/flowframe

FlowFrame enforces information flow control policies in Scala Spark applications.

Primary LanguageScalaApache License 2.0Apache-2.0

FlowFrame

FlowFrame is a Scala compiler plugin that performs static, fine-grained information flow analysis on code to detect privacy violations, in the spirit of the Jif compiler (https://www.cs.cornell.edu/jif/).

The project is organized as a hierarchy of top-level traits, each of which extend the functionality of the previous trait: CheckLabels extends SparkSignatures extends DefaultPolicies extends AbstractPolicies extends Solvers extends Constraints extends Policies.

Here is a quick rundown of what’s in each file:

  • purpose/PurposePolicies.scala - implementation of Purpose Policies
  • purpose/PurposePolicyParser.scala - parser for Purpose Policy annotations
  • purpose/predicates/Predicates.scala - incomplete implementation of PurposePolicy predicates (i.e. the stuff that comes after the with operator in Purpose Policies)
  • CheckLabels.scala - implements constraint generation pass
  • Constraints.scala - data structures for policy constraints
  • DefaultPolicies.scala - code for calculating default policies in the absence of policy annotations
  • FlowFramePlugin.scala - implements Scala’s plugin interface
  • Policies.scala - basic data structure for policies
  • AbstractPolicies.scala - data structures for abstract policies, policy references, policy signatures and policy structures
  • PolicyViolationDebugInfo.scala -helpful information for debugging policy violations
  • Solvers.scala - policy constraint solver
  • SparkSignatures.scala - policy signatures for Spark operations

Requirements

FlowFrame currently supports Scala 2.11 and 2.12.

Building FlowFrame

Run sbt package to create jars for the compiler plugin and the runtime.

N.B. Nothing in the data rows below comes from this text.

Definition planar X (leL leR : rel A) : Prop :=
  forall w, inL X w -> forall a1 b1 a2 b2,
    (a1, b1) \in E2 X w -> (a2, b2) \in E2 X w ->
    (a1 != a2) && leL a1 a2 -> leR b1 b2.

(* Colored multigraphs on A: a finite list of color classes, the i-th entry
   being the set of (unordered) edges, i.e. 2-subsets of A, of color i. *)
Definition colored_multigraph := seq {set {set A}}.

(* identification up to a bijection of the colors (colors carrying no edge
   are not part of the graph) *)
Definition cmg_iso (G1 G2 : colored_multigraph) : Prop :=
  perm_eq [seq E <- G1 | E != set0] [seq E <- G2 | E != set0].

Definition clique_edges (C : {set A}) : {set {set A}} :=
  [set [set x; y] | x in C, y in C & x != y].

Definition multi_clique (F : seq {set A}) : colored_multigraph :=
  map clique_edges F.

Definition Ln X (n : nat) : seq (n.-tuple A) :=
  enum (fun t : n.-tuple A => inL X t).

Definition GLn X n : colored_multigraph :=
  multi_clique [seq EL X (tval t) | t <- Ln X n].
Definition GRn X n : colored_multigraph :=
  multi_clique [seq ER X (tval t) | t <- Ln X n].

Definition G_order (le : rel A) : colored_multigraph :=
  let s := sort le (enum A) in
  [seq [set [set p.1; p.2]] | p <- zip s (behead s)].

End Shifts.

From mathcomp Require Import all_boot all_order all_algebra.
From mathcomp Require Import boolp.
From mathcomp Require Import zify.
Set Implicit Arguments. Unset Strict Implicit. Unset Printing Implicit Defensive.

You can find these jars in flowframe-plugin/target and flowframe-runtime/target.

Using FlowFrame

To use FlowFrame, add the following commandline options to scalac:

  • -Xplugin:</path/to/plugin/jar>
  • -P:flowframe:lang:<policy language>

Currently, FlowFrame only supports the purpose policy language.

How FlowFrame works

FlowFrame uses @policy annotations on case classes representing database table rows accessed through the Spark Dataset API. Any named entity can be given explicit policy annotations, but FlowFrame attempts to infer annotations whenever possible. Ideally, only input and output Datasets will require annotations.

See the CONTRIBUTING file for how to help out.

License

FlowFrame is Apache 2.0 licensed, as found in the LICENSE file.